(Dataset entries)
(* Let $\mathcal M$ be a local Moufang set with basis $(0,\infty)$. Then, as subsets of the little projective group, $U_0^\circ\,U_\infty\subseteq U_\infty\,H\,U_0^\circ$.
   Context: Group actions are right actions, written $xg$; conjugation is $g^h=h^{-1}gh$. For a set $X$ with an equivalence relation $\sim$, $\overline{x}$ denotes the class of $x$, $\overline X$ the set of classes, and $\mathrm{Sym}(X,\sim)$ the group of bijections $g$ of $X$ with $x\sim y\iff xg\sim yg$; each such $g$ induces a permutation $\overline g$ of $\overline X$, and for a subgroup $U\le \mathrm{Sym}(X,\sim)$, $\overline U$ is the induced group of permutations of $\overline X$. A local Moufang set consists of a set with equivalence relation $(X,\sim)$ with $|\overline X|>2$ and, for each $x\in X$, a subgroup (root group) $U_x\le\mathrm{Sym}(X,\sim)$ such that: (LM0) if $x\sim y$ then $\overline{U_x}=\overline{U_y}$; (LM1) $U_x$ fixes $x$ and acts sharply transitively on $X\setminus\overline x$; (LM1') $\overline{U_x}$ fixes $\overline x$ and acts sharply transitively on $\overline X\setminus\{\overline x\}$; (LM2) $U_x^g=U_{xg}$ for all $x\in X$ and all $g$ in the little projective group $G:=\langle U_x\mid x\in X\rangle$. A basis is a fixed pair $(0,\infty)$ with $0\not\sim\infty$. For $x\not\sim\infty$, $\alpha_x$ is the unique element of $U_\infty$ with $0\alpha_x=x$. A unit is $x\in X$ with $x\not\sim0$, $x\not\sim\infty$; for a unit $x$, $\mu_x$ is the unique element of $U_0\alpha_xU_0$ interchanging $0$ and $\infty$. The Hua subgroup is $H:=\langle\mu_x\mu_y\mid x,y\text{ units}\rangle$. For $x\in X$, $U_x^\circ:=\{u\in U_x\mid \overline u=\mathrm{id}_{\overline X}\}$. *)

(* Conventions: group elements are maps f : X -> X; right actions x g are
   written (g x); a product g h (first g, then h) is the map fun z => h (g z). *)

Section LMS.
Variable X : Type.
Variable eqv : X -> X -> Prop.
(* Under the standing assumptions (A) below, let $\Omega'=\{t\in[0,L]:\tau(t)\ne\pm\lambda\}\cup\Omega$. Then $\Omega'\setminus\Omega$ is a discrete set.
   Context: Standing assumptions (A): $n\ge2$, $L>0$, $\beta\colon[0,L]\to(0,\infty)$ of bounded variation with $1/\beta$ bounded; $\tau\in W^{1,\infty}((0,L);S^{n-1})$ with $k=\operatorname{ess\,sup}|\tau'|>0$; $\lambda\in S^{n-1}$ and $u\in W^{1,\infty}((0,L);\mathbb{R}^n)\setminus\{0\}$ such that $u'+(u\cdot\tau')\tau=\beta(\lambda-(\lambda\cdot\tau)\tau)$ and $|u|\tau'=ku$ a.e. in $(0,L)$; $f=k|u|$, which then satisfies $f'=\beta\,\lambda\cdot\tau'$ and $f(\tau''+k^2\tau)=\beta k^2\,\mathrm{proj}^\perp_{\tau,\tau'}(\lambda)$ weakly in $(0,L)$ (where $\mathrm{proj}^\perp_{V,W}$ is the orthogonal projection onto the orthogonal complement of $\mathrm{span}\{V,W\}$); $\Omega=\{t\in[0,L]:f(t)>0\}$ (open relative to $[0,L]$); and $\tau(t),\tau'(t),\lambda$ are linearly dependent for every $t\in\Omega$ (note $\tau'$ is continuous on $\Omega$). *)

From Stdlib Require Import Reals Lra List.
Open Scope R_scope.

(* Vectors of R^n are represented as functions nat -> R; only the
   components with index i < n are meaningful. *)
Definition Vec := nat -> R.

Fixpoint vsum (n : nat) (f : nat -> R) : R :=
  match n with O => 0 | S m => vsum m f + f m end.

Definition dot (n : nat) (x y : Vec) : R := vsum n (fun i => x i * y i).
Definition vnorm (n : nat) (x : Vec) : R := sqrt (dot n x x).

Definition on_sphere (n : nat) (x : Vec) : Prop := vnorm n x = 1.

Definition lin_dep3 (n : nat) (x y z : Vec) : Prop :=
  exists a b c : R, (a <> 0 \/ b <> 0 \/ c <> 0) /\
    forall i, (i < n)%nat -> a * x i + b * y i + c * z i = 0.

Definition null_set (A : R -> Prop) : Prop :=
  forall eps, 0 < eps ->
    exists a b : nat -> R,
      (forall j, a j <= b j) /\
      (forall t, A t -> exists j, a j < t < b j) /\
      (forall N, sum_f_R0 (fun j => b j - a j) N <= eps).

Definition ae_on (L : R) (P : R -> Prop) : Prop :=
  null_set (fun t => 0 < t < L /\ ~ P t).

Definition is_ess_sup (L : R) (g : R -> R) (k : R) : Prop :=
  ae_on L (fun t => g t <= k) /\
  forall c, c < k -> ~ null_set (fun t => 0 < t < L /\ c < g t).

(* Lipschitz on [0,L] (= W^{1,infty}((0,L)) up to the continuous representative) *)
Definition lipschitz_on (n : nat) (L : R) (x : R -> Vec) : Prop :=
  exists M, forall s t i, 0 <= s <= L -> 0 <= t <= L -> (i < n)%nat ->
    Rabs (x s i - x t i) <= M * Rabs (s - t).

Definition vderiv_at (n : nat) (x : R -> Vec) (t : R) (D : Vec) : Prop :=
  forall i, (i < n)%nat -> derivable_pt_lim (fun s => x s i) t (D i).

Definition vderiv_within (n : nat) (L : R) (x : R -> Vec) (t : R) (D : Vec) : Prop :=
  forall i, (i < n)%nat ->
    forall eps, 0 < eps -> exists delta, 0 < delta /\
      forall h, h <> 0 -> Rabs h < delta -> 0 <= t + h <= L ->
        Rabs ((x (t + h) i - x t i) / h - D i) < eps.

Fixpoint var_sum (b : R -> R) (l : list R) : R :=
  match l with
  | x :: ((y :: _) as r) => Rabs (b y - b x) + var_sum b r
  | _ => 0
  end.

Fixpoint increasing_list (l : list R) : Prop :=
  match l with
  | x :: ((y :: _) as r) => x <= y /\ increasing_list r
  | _ => True
  end.

Definition bounded_variation (L : R) (b : R -> R) : Prop :=
  exists M, forall l : list R, increasing_list l ->
    (forall x, In x l -> 0 <= x <= L) -> var_sum b l <= M.
Theorem lemma6 (R : realType) (d : measure_display) (T : measurableType d)
    (P : probability T R) (n : nat) (p eps : R) (l : nat) (pts : T -> seq R) :
  (0 < n)%N -> 0 < p -> p < 1 ->
  2 < ln (4 / (1 - p)) / ln 2 ->
  0 < eps ->
  l%:Z = Num.ceil (ln (n%:R `^ (2^-1 - eps) * p / 2) / ln (2 / (1 - p))) ->
  poisson_process_on_unit_segment P (hf_intensity n p l) pts ->
  (P [set w | has_gap_larger (pts w) (Num.sqrt n%:R)^-1]
     <= (n%:R * expR (- ((1 - p) / 2) * n%:R `^ eps))%:E)%E.
Proof.
move=> n0 p0 p1 _ _ hl proc.
have p01 : 0 <= p <= 1 by rewrite !ltW.
have r0 : 0 < (Num.sqrt n%:R)^-1 :> R by rewrite invr_gt0 sqrtr_gt0 ltr0n.
apply: le_trans (prob_has_gap_larger_le proc (hf_intensity_ge0 n l p01) r0) _.
rewrite lee_fin; apply: ler_pM.
- by rewrite mulr_ge0 ?hf_intensity_ge0.
- exact: expR_ge0.
- exact: hf_intensity_le.
- by rewrite ler_expR mulNr lerN2 hf_intensity_range_ge // p0 p1.
Qed.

WHAT YOU ARE ASKED TO DO. The response should be an exact copy of the lines from the one with "Definition bounded_variation (L" through the end of the data, with no other text.

TASK RESULT.
Definition bounded_variation (L : R) (b : R -> R) : Prop :=
  exists M, forall l : list R, increasing_list l ->
    (forall x, In x l -> 0 <= x <= L) -> var_sum b l <= M.
Theorem lemma6 (R : realType) (d : measure_display) (T : measurableType d)
    (P : probability T R) (n : nat) (p eps : R) (l : nat) (pts : T -> seq R) :
  (0 < n)%N -> 0 < p -> p < 1 ->
  2 < ln (4 / (1 - p)) / ln 2 ->
  0 < eps ->
  l%:Z = Num.ceil (ln (n%:R `^ (2^-1 - eps) * p / 2) / ln (2 / (1 - p))) ->
  poisson_process_on_unit_segment P (hf_intensity n p l) pts ->
  (P [set w | has_gap_larger (pts w) (Num.sqrt n%:R)^-1]
     <= (n%:R * expR (- ((1 - p) / 2) * n%:R `^ eps))%:E)%E.
Proof.
move=> n0 p0 p1 _ _ hl proc.
have p01 : 0 <= p <= 1 by rewrite !ltW.
have r0 : 0 < (Num.sqrt n%:R)^-1 :> R by rewrite invr_gt0 sqrtr_gt0 ltr0n.
apply: le_trans (prob_has_gap_larger_le proc (hf_intensity_ge0 n l p01) r0) _.
rewrite lee_fin; apply: ler_pM.
- by rewrite mulr_ge0 ?hf_intensity_ge0.
- exact: expR_ge0.
- exact: hf_intensity_le.
- by rewrite ler_expR mulNr lerN2 hf_intensity_range_ge // p0 p1.
Qed.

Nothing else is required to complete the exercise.